You pay the site not only for the tools and services they provide, but also visual builds. Although the text of these books is public domain, the editions, reconstruction, formatting, and presentation are proprietary (e.g. the images are their reproductions, so they still have photography rights). So if you wanted to reuse images or page views, beyond fair use, you would still need to negotiate permissions through them. Otherwise…
You can grab and read texts as PDFs, kindle, and any number of other versions. If you use the online book reader at the site, it has a bookmarks and notes function, much like a kindle. Dedicated mobile apps for the site are also in development. The number of books you can read or download per month is limited by the level of membership you subscribe to, but you can preview a large portion of every book without limit. And all the other features are unlimited use. They also sell paperback editions of most (and soon all) of their books–if you want to have a hard copy.

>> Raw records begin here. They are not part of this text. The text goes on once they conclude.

(* Let $Q$ be a Jordan loop and $x\in Q$ such that $x^3x^3=x^6$. Then (i) $x^6$ is well-defined; (ii) $x^7$ is well-defined; (iii) $x^6x^{-1}=x^5$; (iv) $x^8$ is well-defined.
   Context: A loop is a set $Q$ with a binary operation (juxtaposition) and neutral element $e$ such that for all $a,b$ the equations $ax=b$, $ya=b$ have unique solutions. A Jordan loop is a commutative loop satisfying $x^2(yx)=(x^2y)x$. For $k\ge 0$, $x^k$ denotes the right-associated product $x(x(\cdots(xe)\cdots))$ with $k$ factors $x$. We say $x^k$ is well-defined if every bracketing of a product of $k$ copies of $x$ gives the same value. $x^{-1}$ denotes the (two-sided) inverse of $x$. *)

Definition is_loop {Q : Type} (op : Q -> Q -> Q) (e : Q) : Prop :=
  (forall x, op e x = x /\ op x e = x) /\
  (forall a b, exists! x, op a x = b) /\
  (forall a b, exists! y, op y a = b).

Fixpoint xpow {Q : Type} (op : Q -> Q -> Q) (e : Q) (k : nat) (x : Q) : Q :=
  match k with
  | O => e
  | S k' => op x (xpow op e k' x)
  end.

Definition is_jordan_loop {Q : Type} (op : Q -> Q -> Q) (e : Q) : Prop :=
  is_loop op e /\
  (forall x y, op x y = op y x) /\
  (forall x y, op (xpow op e 2 x) (op y x) = op (op (xpow op e 2 x) y) x).

Inductive bracketing : Type :=
  | bleaf : bracketing
  | bnode : bracketing -> bracketing -> bracketing.

Fixpoint nleaves (t : bracketing) : nat :=
  match t with
  | bleaf => 1
  | bnode l r => nleaves l + nleaves r
  end.

Fixpoint beval {Q : Type} (op : Q -> Q -> Q) (x : Q) (t : bracketing) : Q :=
  match t with
  | bleaf => x
  | bnode l r => op (beval op x l) (beval op x r)
  end.

(* x^k is well-defined: every bracketing of a product of k copies of x
   gives the same value (namely the right-associated one, x^k). *)
Definition pow_well_defined {Q : Type} (op : Q -> Q -> Q) (e : Q) (k : nat) (x : Q) : Prop :=
  forall t : bracketing, nleaves t = k -> beval op x t = xpow op e k x.

From Stdlib Require Import PeanoNat Lia.

(* The Jordan law says that left multiplication by [a] commutes with left
   multiplication by [a^2].  Hence [a^2 a^n = a^(n+2)], and applying the law to
   [a^2] also [a^4 a^n = a^(n+4)].  Among the products [x^l x^r] with
   [l + r <= 8] this leaves only [x^3 x^3], which is the hypothesis, and
   [x^3 x^5].  With [u] the inverse of [x], the same commutations at [u], [u^2]
   and, thanks to [x^3 x^3 = x^6], at [x^3] give by cancellation
   [x^6 u^2 = x^4], [x^6 u^4 = x^2] and then [x^6 u = x^3 x^2 = x^5]; the law at
   [x^3] applied to [u] finally gives [x^3 x^5 = x^6 x^2 = x^8]. *)

Section WellDefinedPowers.

Variables (Q : Type) (op : Q -> Q -> Q) (e x : Q).
Hypothesis mulx1 : op x e = x.

Lemma nleaves_pos (t : bracketing) : 1 <= nleaves t.
Proof. induction t; simpl; lia. Qed.

Lemma pow_well_defined_of_mul_pow (N : nat) :
  (forall l r, 1 <= l -> 1 <= r -> l + r <= N ->
     op (xpow op e l x) (xpow op e r x) = xpow op e (l + r) x) ->
  pow_well_defined op e N x.
Proof.
  intros mul_pow t <-.
  enough (H : forall t', nleaves t' <= nleaves t ->
            beval op x t' = xpow op e (nleaves t') x) by (apply H; lia).
  induction t' as [|l IHl r IHr]; simpl; intros Hle.
  - now rewrite mulx1.
  - pose proof (nleaves_pos l); pose proof (nleaves_pos r).
    rewrite IHl, IHr by lia. apply mul_pow; lia.
Qed.

End WellDefinedPowers.

Section JordanLoop.

Variables (Q : Type) (op : Q -> Q -> Q) (e : Q).
Local Infix "*" := op.
Local Notation "a ^ n" := (xpow op e n a).

Hypothesis mulC : forall a b, a * b = b * a.
Hypothesis mul1 : forall a, a * e = a.
Hypothesis mulI : forall a b c, a * b = a * c -> b = c.
Hypothesis jordan : forall a y, a ^ 2 * (a * y) = a * (a ^ 2 * y).

Lemma pow1 a : a ^ 1 = a.
Proof. exact (mul1 a). Qed.

Lemma sq_mul_pow a n : a ^ 2 * a ^ n = a ^ (2 + n).
Proof.
  induction n as [|n IHn].
  - apply mul1.
  - change (a ^ 2 * (a * a ^ n) = a * a ^ (2 + n)).
    now rewrite jordan, IHn.
Qed.

Lemma pow2_sq a : (a ^ 2) ^ 2 = a ^ 4.
Proof. change ((a ^ 2) * ((a ^ 2) * e) = a ^ 4). rewrite mul1. apply sq_mul_pow. Qed.

Lemma jordan_pow2 a y : a ^ 4 * (a ^ 2 * y) = a ^ 2 * (a ^ 4 * y).
Proof. rewrite <- pow2_sq. apply jordan. Qed.

Lemma pow4_mul_pow a n : a ^ 4 * a ^ n = a ^ (4 + n).
Proof.
  enough (H : a ^ 4 * a ^ n = a ^ (4 + n) /\ a ^ 4 * a ^ S n = a ^ (4 + S n))
    by apply H.
  induction n as [|n [IHn IHSn]]; split.
  - apply mul1.
  - now rewrite pow1, mulC.
  - exact IHSn.
  - replace (4 + S (S n)) with (2 + (4 + n)) by lia.
    change (a ^ 4 * a ^ (2 + n) = a ^ (2 + (4 + n))).
    now rewrite <- !sq_mul_pow, jordan_pow2, IHn.
Qed.

Lemma pow2_mul_inv a b : a * b = e -> a ^ 2 * b = a.
Proof.
  intros ab. apply (mulI a).
  rewrite <- jordan, ab, mul1.
  change (a * (a * e) = a * a). now rewrite mul1.
Qed.

Lemma pow2_mul_pow2_inv a b : a * b = e -> a ^ 2 * b ^ 2 = e.
Proof.
  intros ab. assert (ba : b * a = e) by now rewrite mulC.
  apply (mulI b).
  rewrite mul1, (mulC (a ^ 2)), <- jordan, (mulC b (a ^ 2)), (pow2_mul_inv a b ab).
  now apply pow2_mul_inv.
Qed.

Lemma pow4_mul_inv a b : a * b = e -> a ^ 4 * b = a ^ 3.
Proof.
  intros ab. apply (mulI (a ^ 2)).
  rewrite <- jordan_pow2, pow2_mul_inv, sq_mul_pow by exact ab.
  change (a ^ 4 * a = a ^ (4 + 1)).
  now rewrite <- pow4_mul_pow, pow1.
Qed.

Lemma pow4_mul_pow2_inv a b : a * b = e -> a ^ 4 * b ^ 2 = a ^ 2.
Proof.
  intros ab. rewrite <- pow2_sq.
  now apply pow2_mul_inv, pow2_mul_pow2_inv.
Qed.

Lemma pow4_mul_pow4_inv a b : a * b = e -> a ^ 4 * b ^ 4 = e.
Proof.
  intros ab. rewrite <- !pow2_sq.
  now apply pow2_mul_pow2_inv, pow2_mul_pow2_inv.
Qed.

Lemma pow3_mul_pow2_inv a b : a * b = e -> a ^ 3 * b ^ 2 = a.
Proof.
  intros ab. assert (ba : b * a = e) by now rewrite mulC.
  rewrite mulC, <- (pow4_mul_inv a b), (mulC _ b), jordan by exact ab.
  rewrite (mulC (b ^ 2)), pow4_mul_pow2_inv, (mulC b) by exact ab.
  now apply pow2_mul_inv.
Qed.

Lemma pow3_mul_inv a b : a * b = e -> a ^ 3 * b = a ^ 2.
Proof.
  intros ab. apply (mulI (b ^ 2)).
  rewrite (mulC (a ^ 3)), jordan, (mulC (b ^ 2) (a ^ 3)), pow3_mul_pow2_inv
    by exact ab.
  rewrite (mulC (b ^ 2) (a ^ 2)), pow2_mul_pow2_inv by exact ab.
  now rewrite mulC.
Qed.

Lemma pow3_mul_pow4_inv a b : a * b = e -> a ^ 3 * b ^ 4 = b.
Proof.
  intros ab. assert (ba : b * a = e) by now rewrite mulC.
  apply (mulI (b ^ 2)).
  rewrite (mulC (a ^ 3)), <- jordan_pow2, (mulC (b ^ 2)), pow3_mul_pow2_inv,
    pow4_mul_inv by assumption.
  change (b ^ (2 + 1) = b ^ 2 * b).
  now rewrite <- sq_mul_pow, pow1.
Qed.

Section CubeSquare.

Variables x u : Q.
Hypothesis cube_sq : x ^ 3 * x ^ 3 = x ^ 6.
Hypothesis mul_inv : x * u = e.

Lemma jordan_pow3 y : x ^ 6 * (x ^ 3 * y) = x ^ 3 * (x ^ 6 * y).
Proof.
  pose proof (jordan (x ^ 3) y) as J.
  change ((x ^ 3) ^ 2) with (x ^ 3 * (x ^ 3 * e)) in J.
  now rewrite mul1, cube_sq in J.
Qed.

Lemma pow6_mul_pow2_inv : x ^ 6 * u ^ 2 = x ^ 4.
Proof.
  apply (mulI (x ^ 3)).
  rewrite <- jordan_pow3, pow3_mul_pow2_inv by exact mul_inv.
  rewrite (mulC (x ^ 3)), pow4_mul_pow.
  apply mulC.
Qed.

Lemma pow6_mul_pow4_inv : x ^ 6 * u ^ 4 = x ^ 2.
Proof.
  apply (mulI (u ^ 2)).
  rewrite (mulC (x ^ 6)), <- jordan_pow2, (mulC (u ^ 2)), pow6_mul_pow2_inv.
  rewrite (mulC (u ^ 4)), pow4_mul_pow4_inv by exact mul_inv.
  rewrite mulC. symmetry. now apply pow2_mul_pow2_inv.
Qed.

Lemma pow6_mul_inv : x ^ 6 * u = x ^ 5.
Proof.
  pose proof (jordan_pow3 (u ^ 4)) as J.
  rewrite pow3_mul_pow4_inv, pow6_mul_pow4_inv in J by exact mul_inv.
  rewrite J, mulC. apply sq_mul_pow.
Qed.

Lemma pow3_mul_pow5 : x ^ 3 * x ^ 5 = x ^ 8.
Proof.
  pose proof (jordan_pow3 u) as J.
  rewrite pow3_mul_inv, pow6_mul_inv in J by exact mul_inv.
  rewrite <- J, mulC. apply sq_mul_pow.
Qed.

Lemma pow_mul_pow_le8 l r : 1 <= l -> 1 <= r -> l + r <= 8 ->
  x ^ l * x ^ r = x ^ (l + r).
Proof.
  revert l r.
  enough (H : forall l r, 1 <= l <= r -> l + r <= 8 -> x ^ l * x ^ r = x ^ (l + r)).
  { intros l r Hl Hr Hlr. destruct (Nat.le_gt_cases l r).
    - apply H; lia.
    - rewrite mulC, Nat.add_comm. apply H; lia. }
  intros l r Hlr H8.
  destruct l as [|[|[|[|[|l]]]]]; try lia.
  - now rewrite pow1.
  - apply sq_mul_pow.
  - destruct r as [|[|[|[|[|[|r]]]]]]; try lia.
    + exact cube_sq.
    + rewrite mulC. apply pow4_mul_pow.
    + exact pow3_mul_pow5.
  - replace r with 4 by lia. apply pow4_mul_pow.
Qed.

End CubeSquare.

End JordanLoop.

Lemma loop_mulI {Q : Type} {op : Q -> Q -> Q} {e : Q} :
  is_loop op e -> forall a b c, op a b = op a c -> b = c.
Proof.
  intros [_ [solve_l _]] a b c H.
  destruct (solve_l a (op a b)) as [z [_ z_uniq]].
  rewrite <- (z_uniq b eq_refl). apply z_uniq. now symmetry.
Qed.

Theorem theorem2p8 (Q : Type) (op : Q -> Q -> Q) (e : Q) (x : Q)
  (HQ : is_jordan_loop op e)
  (H3 : op (xpow op e 3 x) (xpow op e 3 x) = xpow op e 6 x) :
  pow_well_defined op e 6 x /\
  pow_well_defined op e 7 x /\
  (forall xinv : Q, op x xinv = e -> op xinv x = e ->
     op (xpow op e 6 x) xinv = xpow op e 5 x) /\
  pow_well_defined op e 8 x.
Proof.
  destruct HQ as [Hloop [mulC jordan_r]].
  pose proof (loop_mulI Hloop) as mulI.
  assert (mul1 : forall a, op a e = a) by apply Hloop.
  assert (jordan : forall a y, op (xpow op e 2 a) (op a y)
                               = op a (op (xpow op e 2 a) y)).
  { intros a y. now rewrite (mulC a y), jordan_r, mulC. }
  destruct (proj1 (proj2 Hloop) x e) as [u [mul_inv _]].
  pose proof (pow_mul_pow_le8 _ _ _ mulC mul1 mulI jordan x u H3 mul_inv) as mul_pow.
  assert (well_defined : forall N, N <= 8 -> pow_well_defined op e N x).
  { intros N HN. apply pow_well_defined_of_mul_pow; [apply mul1|].
    intros l r Hl Hr HlrN. apply mul_pow; lia. }
  repeat split; try (apply well_defined; lia).
  intros xinv Hxinv _.
  rewrite (mulI x xinv u) by congruence.
  exact (pow6_mul_inv _ _ _ mulC mul1 mulI jordan x u H3 mul_inv).
Qed.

You can see along the left margin at the site the many categories of books they have. I was most intrigued by their massive collection of esoteric titles: afterlife and immortality, alchemy, astrology, ciphers and codes, ESP and psychic phenomena, freemasonry and secret societies, magic and witchcraft, theosophy, unexplained phenomena. Thousands of titles. Think of the kinds of data (as well as entertainment) you can reap from a collection like that.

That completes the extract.